Balyndar looked down at Coira and froze in horror. The wound he saw in her body had to be fatal, surely, but how had it occurred? Too late he remembered that Lot-Ionan had been fighting an alf when they arrived. The alf must have used the chance to escape and have attacked the maga.
However distraught he was about Coira, he had to act.
Gathering the material in his hands, he locked both arms around it and used the flag to slide safely down to ground level.

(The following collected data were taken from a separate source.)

Lemma card_split_elt (F : {set {set U}}) x :
  #|with_elt F x| + #|without_elt F x| = #|F|.
Proof.
rewrite -(cardsID [set X : {set U} | x \in X] F).
by congr (_ + _); apply: eq_card => X; rewrite !inE andbC.
Qed.

(* Pajor's inductive step: the shattered sets of the two halves of F inject
   into those of F, the common ones being counted twice via x |: _. *)
Lemma shattered_split (F : {set {set U}}) x :
  #|shattered_sets (without_elt F x)| + #|shattered_sets (with_elt F x)|
    <= #|shattered_sets F|.
Proof.
set S0 := shattered_sets _; set S1 := shattered_sets _.
have xS0 A : A \in S0 -> x \notin A.
  by apply: (notin_shattered (b := false)) => X /[!inE] /andP[_ /negbTE].
have xS1 A : A \in S1 -> x \notin A by apply: (notin_shattered (b := true)) => X /[!inE] /andP[].
pose S01 := [set x |: A | A in S0 :&: S1].
have sub_F : (S0 :|: S1) :|: S01 \subset shattered_sets F.
  rewrite !finset.subUset !shattered_sets_sub ?andbT; last 2 first.
  - by apply/fintype.subsetP => X /[!inE] /andP[].
  - by apply/fintype.subsetP => X /[!inE] /andP[].
  apply/fintype.subsetP => _ /imsetP [A /setIP [A0 A1] ->].
  exact: shattered_setU1.
have disjoint01 : (S0 :|: S1) :&: S01 = finset.set0.
  apply/setP => B; rewrite finset.in_set0 finset.in_setI finset.in_setU.
  apply/negP => /andP[BS /imsetP [A _ eB]].
  by case/orP: BS => [/xS0|/xS1]; rewrite eB setU11.
have card01 : #|S01| = #|S0 :&: S1|.
  apply: card_in_imset => A A' /setIP [A0 _] /setIP [A'0 _] eA.
  by rewrite -(setU1K (xS0 _ A0)) eA setU1K // xS0.
have := cardsUI (S0 :|: S1) S01; rewrite disjoint01 cards0 addn0 card01.
have := cardsUI S0 S1; have := subset_leq_card sub_F; lia.
Qed.
Section BlockRestriction.
Variables (R : realType) (n m : nat) (blk : 'I_m -> 'I_n).
Local Notation restrict := (Defs.restrict blk).
Implicit Types S : {set 'I_n}.

Lemma restrictD S (u v : 'rV[R]_m) : restrict S (u + v) = restrict S u + restrict S v.
Proof. by apply/rowP => j; rewrite !mxE; case: ifP; rewrite ?mxE ?addr0. Qed.

Lemma restrictZ S (a : R) (v : 'rV[R]_m) : restrict S (a *: v) = a *: restrict S v.
Proof. by apply/rowP => j; rewrite !mxE; case: ifP; rewrite ?mxE ?mulr0. Qed.

Lemma restrictB S (u v : 'rV[R]_m) : restrict S (u - v) = restrict S u - restrict S v.
Proof. by rewrite restrictD -scaleN1r restrictZ scaleN1r. Qed.

Lemma restrict_id S (v : 'rV[R]_m) : restrict S (restrict S v) = restrict S v.
Proof. by apply/rowP => j; rewrite !mxE; case: (blk j \in S). Qed.

Lemma sum_restrict1 S (v : 'rV[R]_m) : \sum_(i in S) restrict [set i] v = restrict S v.
Proof.
apply/rowP => j; rewrite summxE !mxE.
have [jS|jNS] := boolP (blk j \in S).
  rewrite (bigD1 (blk j)) //= !mxE inE eqxx big1 ?addr0 // => i /andP[_ ne].
  by rewrite !mxE inE eq_sym (negbTE ne).
rewrite big1 // => i iS; rewrite !mxE inE.
by case: eqP => // eq_ji; rewrite eq_ji iS in jNS.
Qed.

Lemma sum_restrict_draws tau (v : 'rV[R]_m) : (0 < tau)%N ->
  \sum_(S : {set 'I_n} | #|S| == tau) restrict S v = 'C(n.-1, tau.-1)%:R *: v.
Proof.
move=> tau_gt0; apply/rowP => j; rewrite summxE !mxE.
under eq_bigr do rewrite mxE.
rewrite -big_mkcondr /=.
rewrite (eq_bigl [in [set S : {set 'I_n} | (#|S| == tau) && (blk j \in S)]%SET]);
  last by move=> S; rewrite inE.
by rewrite sumr_const card_draws_containing // mulr_natl.
Qed.

Variable Mi : 'I_n -> set 'rV[R]_m.

Lemma block_prod_restrict S x : domain blk Mi x -> block_prod Mi S (restrict S x).
Proof. by move=> dom_x; exists (fun i => restrict [set i] x); rewrite sum_restrict1. Qed.

Lemma restrict_block_prod S v : (forall i, Mi i `<=` block_supported blk i) ->
  block_prod Mi S v -> restrict S v = v.
Proof.
move=> supp [vi [Mvi ->]]; apply/rowP => j; rewrite mxE; case: ifP => // jNS.
rewrite summxE big1 // => i iS; apply: (supp i _ (Mvi i iS)).
by apply: contraFneq jNS => ->.
Qed.

End BlockRestriction.

Section Averages.
Variables (R : realType) (n tau : nat).
Implicit Types g : {set 'I_n} -> R.

Lemma avgS_cst (c : R) : (tau <= n)%N -> avgS tau (fun _ : {set 'I_n} => c) = c.
Proof.
move=> tau_le_n; rewrite /avgS.
rewrite (eq_bigl [in [set S : {set 'I_n} | #|S| == tau]%SET]); last by move=> S; rewrite inE.
rewrite sumr_const card_draws card_ord -[c *+ _]mulr_natl mulrA mulVf ?mul1r //.
by rewrite pnatr_eq0 -lt0n bin_gt0.
Qed.

Lemma avgSD g1 g2 : avgS tau (fun S => g1 S + g2 S) = avgS tau g1 + avgS tau g2.
Proof. by rewrite /avgS big_split mulrDr. Qed.

Lemma avgSZ (k : R) g : avgS tau (fun S => k * g S) = k * avgS tau g.
Proof. by rewrite /avgS -mulr_sumr mulrCA. Qed.

Lemma ler_avgS g1 g2 :
  (forall S : {set 'I_n}, #|S| = tau -> g1 S <= g2 S) -> avgS tau g1 <= avgS tau g2.
Proof.
move=> le_g; rewrite /avgS ler_wpM2l ?invr_ge0 //.
by apply: ler_sum => S /eqP; exact: le_g.
Qed.

Lemma avgS_ge0 g : (forall S : {set 'I_n}, #|S| = tau -> 0 <= g S) -> 0 <= avgS tau g.
Proof.
move=> g_ge0; rewrite /avgS mulr_ge0 ?invr_ge0 //.
by apply: sumr_ge0 => S /eqP; exact: g_ge0.
Qed.

Lemma avgS_linear_restrict (m : nat) (blk : 'I_m -> 'I_n)
    (L : {linear 'rV[R]_m -> R}) (v : 'rV[R]_m) : (0 < tau <= n)%N ->
  avgS tau (fun S => L (Defs.restrict blk S v)) = tau%:R / n%:R * L v.
Proof.
case/andP => tau_gt0 tau_le_n.
rewrite /avgS -(raddf_sum L) sum_restrict_draws // [X in _ * X]linearZ /=.
rewrite /GRing.scale /= mulrA.
congr (_ * _); have n_gt0 : (0 < n)%N := leq_trans tau_gt0 tau_le_n.
have C_neq0 : 'C(n, tau)%:R != 0 :> R by rewrite pnatr_eq0 -lt0n bin_gt0.
have n_neq0 : n%:R != 0 :> R by rewrite pnatr_eq0 -lt0n.
have := mul_bin_diag n tau.-1; rewrite prednK // => binE.
apply: (mulfI n_neq0); rewrite mulrCA -natrM binE natrM; field.
by rewrite C_neq0 n_neq0.
Qed.

Lemma measurable_avgS (d : measure_display) (T : measurableType d)
    (g : T -> {set 'I_n} -> R) :
  (forall S : {set 'I_n}, #|S| = tau -> measurable_fun setT (g^~ S)) ->
  measurable_fun setT (fun w => avgS tau (g w)).
Proof.
move=> mg; rewrite /avgS.
under eq_fun do rewrite big_mkcond /=.
apply: measurable_funM; first exact: measurable_cst.
apply: measurable_sum => S; case: eqP => [/mg //|_]; exact: measurable_cst.
Qed.

End Averages.

Section LinearMinimization.
Variables (R : realType) (n m : nat) (Mi : 'I_n -> set 'rV[R]_m).
Hypothesis Mi_compact : forall i, compact (Mi i).
Implicit Types S : {set 'I_n}.
Theorem theorem3p4
  (K : Scalars) (HK : K = RK \/ K = CK)
  (p : R) (Hp : 1 <= p)
  (X : NormedSpace K) (HXc : complete X) (HXinf : infinite_dim X)
  (Xs : nat -> NormedSpace K) (HXsc : forall n, complete (Xs n))
  (Hsub : exists phi : nat -> nat, (forall k, (phi k < phi (S k))%nat) /\
            contains_isomorphs_uniformly X (fun k => Xs (phi k))) :
  exists W : vc (seqVS Xs) -> Prop,
    closed_subspace_lp_plus Xs p W /\
    (forall w, W w -> (forall n, w n = v0 (Xs n)) \/
                      (in_lp_plus Xs p w /\ ~ in_lq Xs p w)) /\
    exists (BX : vc X -> Prop) (BW : vc (seqVS Xs) -> Prop),
      hamel_basis_of X (fun _ => True) BX /\
      hamel_basis_of (seqVS Xs) W BW /\
      exists f : {x : vc X | BX x} -> {w : vc (seqVS Xs) | BW w}, bijective_map f.
Proof.
destruct (scalar_laws_of K HK) as [laws].
destruct Hsub as [phi [Hphi Hiso]].
destruct (choose_isomorphs X _ Hiso) as [delta [Hdelta [T [Tlin Tiso]]]].
assert (Hp0 : 0 < p) by lra.
set (E := embed laws X Xs phi p T).
exists (lin_range E). split; [|split].
- exact (embed_range_closed laws X Xs phi p delta T Hphi Hp0 Hdelta Tlin Tiso HXc).
- exact (embed_range_dichotomy laws X Xs phi p delta T Hphi Hp0 Hdelta Tlin Tiso).
- destruct (hamel_basis_exists laws X) as [BX HBX].
  destruct (hamel_basis_transport E (embed_add laws X Xs phi p T Tlin)
              (embed_scal laws X Xs phi p T Tlin) (embed_zero laws X Xs phi p T Tlin)
              (embed_inj laws X Xs phi p delta T Hphi Tlin Tiso) BX HBX) as [BW [HBW Hbij]].
  exists BX, BW. split; [exact HBX|]. split; [exact HBW | exact Hbij].
Qed.
(* Let $G$ be a connected graph on $n\ge2$ vertices, $\alpha\in\mathbb{R}$, with vertices labeled so that $({}^\alpha\mathbb{M})_1\ge({}^\alpha\mathbb{M})_2\ge\cdots\ge({}^\alpha\mathbb{M})_n$. Let $N=\max_{1\le i,j\le n} d_{ij}\mathbb{D}_j^\alpha/\mathbb{D}_i^\alpha$. Then for $1\le i\le n$, \[\rho(\mathbb{D}(G))\le \frac{({}^\alpha\mathbb{M})_i-N+\sqrt{(({}^\alpha\mathbb{M})_i+N)^2+4N\sum_{k=1}^{i-1}\big(({}^\alpha\mathbb{M})_k-({}^\alpha\mathbb{M})_i\big)}}{2}.\] Equality holds if and only if $({}^\alpha\mathbb{M})_1=\cdots=({}^\alpha\mathbb{M})_n$, or for some $2\le t\le i$: (i) $d_{kl}\mathbb{D}_l^\alpha/\mathbb{D}_k^\alpha=N$ for all $1\le k\le n$, $1\le l\le t-1$, $k\ne l$; (ii) $({}^\alpha\mathbb{M})_t=\cdots=({}^\alpha\mathbb{M})_n$.
   Context: $\mathbb{D}(G)=(d_{ij})$ is the distance matrix of $G$, $d_{ij}$ the distance between $v_i$ and $v_j$. The transmission of $v_i$ is $\mathbb{D}_i=\sum_{j}d_{ij}$. The generalized average transmission is $({}^\alpha\mathbb{M})_i=\frac{\sum_{j=1}^n d_{ij}\mathbb{D}_j^\alpha}{\mathbb{D}_i^\alpha}$. $\rho$ is the spectral radius. An empty sum equals $0$. *)

From Stdlib Require Import Reals Lra Lia.
Open Scope R_scope.

(* Vertices of a graph on n vertices are 0, ..., n-1.
   A simple graph is given by a boolean adjacency relation. *)
Definition simple_graph (n : nat) (adj : nat -> nat -> bool) : Prop :=
  (forall i j, (i < n)%nat -> (j < n)%nat -> adj i j = adj j i) /\
  (forall i, (i < n)%nat -> adj i i = false).

Inductive walk (n : nat) (adj : nat -> nat -> bool) : nat -> nat -> nat -> Prop :=
| walk_nil : forall i, (i < n)%nat -> walk n adj i i 0
| walk_cons : forall i m j k, (i < n)%nat -> (m < n)%nat -> adj i m = true ->
    walk n adj m j k -> walk n adj i j (S k).

Definition connected (n : nat) (adj : nat -> nat -> bool) : Prop :=
  forall i j, (i < n)%nat -> (j < n)%nat -> exists k, walk n adj i j k.
Theorem solution_vanishes_ahead s0 tau eta lam I0 I N cstar :
  0 < s0 -> 0 < tau -> 0 < eta -> 0 < lam -> 1 < repr0 s0 tau eta ->
  lattice_solution s0 tau eta lam I0 I ->
  (forall j, (N < Z.abs j)%Z -> I0 j = 0) -> (forall j, 0 <= I0 j < 1) ->
  (exists gam, 0 < gam /\ cfun s0 tau eta lam gam = cstar) ->
  forall c, cstar < c -> forall eps, 0 < eps -> exists T, forall t, T <= t ->
    forall j, c * t <= IZR (Z.abs j) -> Rabs (I j t) <= eps.
Proof.
  intros Hs0 Htau Heta Hlam HR HI Hsupp Hrange [gam [Hgam Hcs]] c Hc eps Heps.
  assert (Hcs_pos : 0 < cstar) by (rewrite <- Hcs; apply cfun_pos; assumption).
  set (c2 := (cstar + c) / 2).
  set (A := exp (gam * IZR (Z.abs N)) / (gam * (c2 - cstar))).
  assert (HA : 0 < A)
    by (apply Rdiv_lt_0_compat; [apply exp_pos | apply Rmult_lt_0_compat; unfold c2; lra]).
  destruct (exp_decay_eventually_le A (gam * (c - c2)) eps HA
              ltac:(apply Rmult_lt_0_compat; unfold c2; lra) Heps) as [T [HT HdecayT]].
  exists T; intros t Ht j Hj.
  assert (Hup := solution_le_exponential_abs s0 tau eta lam I0 I N gam c2 A Hs0 Htau Heta Hlam HI
                   Hsupp Hrange Hgam ltac:(unfold c2; lra) ltac:(rewrite Hcs; unfold c2; lra)
                   ltac:(rewrite Hcs; unfold A; right; field; unfold c2; lra) j t ltac:(lra)).
  assert (Hnonneg := solution_nonneg s0 tau eta lam I0 I Hs0 Htau Heta Hlam HI
                       (fun j => proj1 (Hrange j)) j t ltac:(lra)).
  rewrite Rabs_right by lra.
  eapply Rle_trans; [exact Hup |]; eapply Rle_trans; [| exact (HdecayT t Ht)].
  apply Rmult_le_compat_l; [lra |]; apply exp_monotone.
  assert (0 < gam * (c - c2)) by (apply Rmult_lt_0_compat; unfold c2; lra); nra.
Qed.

On the way down he witnessed Tungdil and Lot-Ionan talking together! He could not hear what they were saying because he was too far away, but they were standing face to face, neither attacking the other. What did it mean?
Tungdil leaped forward and swept Bloodthirster at the magus, who laughed as he made a gesture that had the dwarf suddenly enveloped by one of the flags; then he reached out at full stretch to land a blow on Tungdil with his staff.
Hardly had the onyx stone touched the embroidered material than the fabric turned into a gigantic snake wrapping its coils around Tungdil’s body. Muscles worked feverishly and the armor creaked in protest but the dwarf was unable to move.